# TASK ITEM:
Select all lines holding the word "Boule" from the entries that follow.

- - - -

Lemma is_derive_Cmult_r (w : C) (f : R -> C) x l :
  is_derive f x l -> is_derive (fun y => f y * w)%C x (l * w)%C.
Proof.
  intros H. rewrite Cmult_comm.
  apply (is_derive_ext (fun y => w * f y)%C); [intros y; apply Cmult_comm|].
  now apply is_derive_Cmult_l.
Qed.

Lemma is_derive_Cexpi x : is_derive Cexpi x (Ci * Cexpi x)%C.
Proof.
  replace (Ci * Cexpi x)%C with ((- sin x, cos x) : C)
    by (unfold Cexpi, Cmult; simpl; f_equal; ring).
  apply (is_derive_pair cos sin); auto_derive; auto; ring.
Qed.

Lemma im_le_Cmod (c : C) : Rabs (Im c) <= Cmod c.
Proof. eapply Rle_trans; [apply Rmax_r | apply Rmax_Cmod]. Qed.

Lemma Cmod_le_Rabs_Re_Im (c : C) : Cmod c <= Rabs (Re c) + Rabs (Im c).
Proof.
  pose proof (Rabs_pos (Re c)). pose proof (Rabs_pos (Im c)).
  unfold Cmod. rewrite <- (sqrt_pow2 (Rabs (Re c) + Rabs (Im c))) by lra.
  apply sqrt_le_1_alt. rewrite <- (pow2_abs (fst c)), <- (pow2_abs (snd c)).
  unfold Re, Im in *. nra.
Qed.

Lemma Cmod_Cexpi x : Cmod (Cexpi x) = 1.
Proof.
  unfold Cmod, Cexpi; cbn [fst snd]. rewrite <- sqrt_1, <- (sin2_cos2 x).
  f_equal. unfold Rsqr. ring.
Qed.

Lemma Rabs_le_of_derive_bound (f f' : R -> R) x B :
  (forall y, is_derive f y (f' y)) -> f 0 = 0 ->
  (forall y, Rabs y <= Rabs x -> Rabs (f' y) <= B) -> Rabs (f x) <= B * Rabs x.
Proof.
  intros Hd H0 Hb.
  destruct (MVT_cor4 f f' 0 (Rabs x)) with (b := x) as [c [Hc1 Hc2]].
  { intros; apply Hd. }
  { rewrite Rminus_0_r; lra. }
  rewrite H0, !Rminus_0_r in Hc1. rewrite !Rminus_0_r in Hc2.
  rewrite Hc1, Rabs_mult.
  apply Rmult_le_compat_r; [apply Rabs_pos | now apply Hb].
Qed.

(* The factor 2 comes from applying the real mean value theorem to each component. *)
Lemma Cmod_le_of_derive_bound (f f' : R -> C) x B :
  (forall y, is_derive f y (f' y)) -> f 0 = 0%C ->
  (forall y, Rabs y <= Rabs x -> Cmod (f' y) <= B) -> Cmod (f x) <= 2 * B * Rabs x.
Proof.
  intros Hd H0 Hb.
  assert (HRe : Rabs (Re (f x)) <= B * Rabs x).
  { apply (Rabs_le_of_derive_bound (fun y => Re (f y)) (fun y => Re (f' y))).
    - intros y. apply is_derive_Re, Hd.
    - now rewrite H0.
    - intros y Hy. eapply Rle_trans; [apply re_le_Cmod | now apply Hb]. }
  assert (HIm : Rabs (Im (f x)) <= B * Rabs x).
  { apply (Rabs_le_of_derive_bound (fun y => Im (f y)) (fun y => Im (f' y))).
    - intros y. apply is_derive_Im, Hd.
    - now rewrite H0.
    - intros y Hy. eapply Rle_trans; [apply im_le_Cmod | now apply Hb]. }
  pose proof (Cmod_le_Rabs_Re_Im (f x)). lra.
Qed.

Lemma RtoC_neq_0 x : x <> 0 -> RtoC x <> 0%C.
Proof. intros Hx H. apply Hx. exact (f_equal Re H). Qed.

Definition expi_taylor_term (j : nat) (x : R) : C := ((Ci * RtoC x) ^ j / RtoC (INR (fact j)))%C.

Fixpoint expi_taylor_rem (k : nat) (x : R) : C :=
  match k with
  | O => Cexpi x
  | S k => (expi_taylor_rem k x - expi_taylor_term k x)%C
  end.

Lemma expi_taylor_rem_S k x :
  expi_taylor_rem (S k) x
  = (Cexpi x - sum_n (G := C_AbelianMonoid) (fun j => expi_taylor_term j x) k)%C.
Proof.
  induction k as [|k IH].
  - now rewrite sum_O.
  - rewrite sum_Sn. change (expi_taylor_rem (S k) x - expi_taylor_term (S k) x
      = Cexpi x - (sum_n (fun j => expi_taylor_term j x) k + expi_taylor_term (S k) x))%C.
    rewrite IH. ring.
Qed.

Lemma expi_taylor_term_real j x :
  expi_taylor_term j x = (RtoC (x ^ j / INR (fact j)) * Ci ^ j)%C.
Proof.
  pose proof (INR_fact_neq_0 j).
  unfold expi_taylor_term. rewrite Cpow_mult_l, <- RtoC_pow.
  unfold Rdiv. rewrite RtoC_mult, RtoC_inv by exact H. field. now apply RtoC_neq_0.
Qed.

Lemma is_derive_expi_taylor_term j x :
  is_derive (expi_taylor_term (S j)) x (Ci * expi_taylor_term j x)%C.
Proof.
  apply (is_derive_ext (fun y => scal (y ^ S j / INR (fact (S j))) (Ci ^ S j)%C)).
  { intros y. now rewrite scal_R_Cmult, expi_taylor_term_real. }
  replace (Ci * expi_taylor_term j x)%C with (RtoC (x ^ j / INR (fact j)) * Ci ^ S j)%C
    by (rewrite expi_taylor_term_real, Cpow_S; ring).
  rewrite <- scal_R_Cmult.
  apply (is_derive_scal_l (V := C_R_NormedModule) (fun y => y ^ S j / INR (fact (S j)))).
  auto_derive; [auto|].
  replace (match j with 0%nat => 1 | S _ => INR j + 1 end) with (INR j + 1)
    by (destruct j; simpl; ring).
  rewrite plus_INR, mult_INR.
  pose proof (INR_fact_neq_0 j). pose proof (pos_INR j).
  field. split; [auto|].
  replace (INR (fact j) + INR j * INR (fact j)) with ((INR j + 1) * INR (fact j)) by ring.
  apply Rmult_integral_contrapositive; split; [lra | auto].
Qed.

Lemma is_derive_expi_taylor_rem k x :
  is_derive (expi_taylor_rem (S k)) x (Ci * expi_taylor_rem k x)%C.
Proof.
  revert x. induction k as [|k IH]; intros x.
  - replace (Ci * expi_taylor_rem 0 x)%C with (Ci * Cexpi x - 0)%C by (simpl; ring).
    apply is_derive_Cminus; [apply is_derive_Cexpi|].
    apply (is_derive_ext (V := C_R_NormedModule) (fun _ => RtoC 1)).
    + intros y. unfold expi_taylor_term. simpl. field.
    + apply (is_derive_const (V := C_R_NormedModule)).
  - replace (Ci * expi_taylor_rem (S k) x)%C
      with (Ci * expi_taylor_rem k x - Ci * expi_taylor_term k x)%C
      by (simpl; ring).
    apply is_derive_Cminus; [apply IH | apply is_derive_expi_taylor_term].
Qed.

Lemma expi_taylor_rem_S_0 k : expi_taylor_rem (S k) 0 = 0%C.
Proof.
  induction k as [|k IH].
  - unfold expi_taylor_rem, Cexpi, expi_taylor_term. rewrite cos_0, sin_0.
    change ((1, 0) : C) with (RtoC 1). simpl. field.
  - change (expi_taylor_rem (S k) 0 - expi_taylor_term (S k) 0 = 0)%C.
    rewrite IH, expi_taylor_term_real, pow_i by lia. unfold Rdiv.
    rewrite Rmult_0_l. ring.
Qed.

Lemma Cmod_expi_taylor_rem_le k x : Cmod (expi_taylor_rem k x) <= 2 ^ k * Rabs x ^ k.
Proof.
  revert x. induction k as [|k IH]; intros x.
  - simpl. rewrite Cmod_Cexpi. lra.
  - replace (2 ^ S k * Rabs x ^ S k) with (2 * (2 ^ k * Rabs x ^ k) * Rabs x) by (simpl; ring).
    apply (Cmod_le_of_derive_bound _ (fun y => Ci * expi_taylor_rem k y)%C).
    + apply is_derive_expi_taylor_rem.
    + apply expi_taylor_rem_S_0.
    + intros y Hy. rewrite Cmod_mult, Cmod_Ci, Rmult_1_l.
      eapply Rle_trans; [apply IH|].
      apply Rmult_le_compat_l; [apply pow_le; lra|].
      apply pow_incr. split; [apply Rabs_pos | exact Hy].
Qed.

Lemma is_derive_Series (a a' : nat -> R -> R) t :
  (forall n y, is_derive (a n) y (a' n y)) ->
  (forall y, ex_series (fun n => a n y)) ->
  (forall r, 0 < r -> exists M : nat -> R, ex_series M /\
      forall n y, Rabs y < r -> Rabs (a' n y) <= M n) ->
  is_derive (fun y => Series (fun n => a n y)) t (Series (fun n => a' n t)).
Proof.
  intros Hd Hc Hb.
  assert (Hr : 0 < Rabs t + 1) by (pose proof (Rabs_pos t); lra).
  destruct (Hb (Rabs t + 1) Hr) as [M [[l Hl] HM]].
  assert (HM0 : forall n, 0 <= M n).
  { intros n. eapply Rle_trans; [apply Rabs_pos | apply (HM n 0)]. rewrite Rabs_R0; lra. }
  assert (Hnorm : CVN_r a' (mkposreal _ Hr)).
  { exists M, l. split.
    - apply is_series_Reals in Hl.
      intros eps He. destruct (Hl eps He) as [N HN]. exists N. intros n Hn.
      rewrite (sum_eq _ M); [now apply HN|]. intros i _. apply Rabs_pos_eq, HM0.
    - intros n y Hy. apply HM. unfold Boule in Hy. simpl in Hy.
      now rewrite Rminus_0_r in Hy. }
  destruct (CVN_CVU_r a' _ Hnorm t) as [e He]; [simpl; lra|].
  apply is_derive_Reals.
  apply (CVU_derivable (SP a) (SP a') (fun y => Series (fun n => a n y))
           (fun y => Series (fun n => a' n y)) t e He).
  - intros y _. apply is_series_Reals, Series_correct, Hc.
  - intros n y _. apply is_derive_Reals. unfold SP. induction n as [|n IH]; simpl.
    + apply Hd.
    + apply (is_derive_plus (fun y => sum_f_R0 (fun k => a k y) n) (a (S n))); auto.
  - unfold Boule. rewrite Rminus_diag, Rabs_R0. apply cond_pos.
Qed.
Theorem proposition2p6 (R : realType) (d : nat) (rank : seq (vtx d) -> nat) :
  (2 <= d)%N -> injective rank ->
  forall p0 : R, p0 < p_c R d ->
  exists C : R, 0 < C /\
  forall p : R, p < p0 ->
    (exists N : nat,
       forall (d0 : measure_display) (Omega : measurableType d0)
              (P : probability Omega R) (tau : edge d -> Omega -> R),
       iid_bernoulli P tau p ->
       forall n : nat, (N <= n)%N ->
       ((C * n%:R * p `^ (d%:R)^-1)%:E
          <= \int[P]_w ((nzero tau rank w (diag d n))%:R)%:E)%E)
    /\
    (exists N' : nat,
       forall (d0 : measure_display) (Omega : measurableType d0)
              (P : probability Omega R) (tau : edge d -> Omega -> R),
       iid_bernoulli P tau p ->
       forall n : nat, (N' <= n)%N ->
       ((C * p `^ (d%:R)^-1)%:E
          <= \int[P]_w (nu0 tau rank w (diag d n))%:E)%E).
Proof.
move=> d_ge2 _ p0 _; have d_gt0 : (0 < d)%N by lia.
exists (8 * d.+1)%N%:R^-1; split => [|p _]; first by rewrite invr_gt0 ltr0n.
set q := p `^ d%:R^-1.
have [q0|q_gt0] : q = 0 \/ 0 < q.
  by have := powR_ge0 p d%:R^-1; rewrite le_eqVlt => /predU1P [/esym|]; [left|right].
  rewrite q0; split; exists 0%N => d0 Omega P tau _ n _; rewrite mulr0.
    by apply: integral_ge0 => w _; rewrite lee_fin.
  by apply: integral_ge0 => w _; rewrite lee_fin /nu0 divr_ge0.
have [N nq_ge4] : exists N : nat, forall n, (N <= n)%N -> 4 <= n%:R * q.
  exists (Num.truncn (4 / q)).+1 => n le_Nn.
  by rewrite -ler_pdivrMr // (le_trans (ltW (truncnS_gt _))) // ler_nat.
split; exists N => d0 Omega P tau iid n /nq_ge4 nq_n;
  by case: (expected_zero_edges_ge rank d_gt0 iid nq_n).
Qed.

- - - -

# RESPONSE TO THIS EXERCISE:
    - intros n y Hy. apply HM. unfold Boule in Hy. simpl in Hy.
  - unfold Boule. rewrite Rminus_diag, Rabs_R0. apply cond_pos.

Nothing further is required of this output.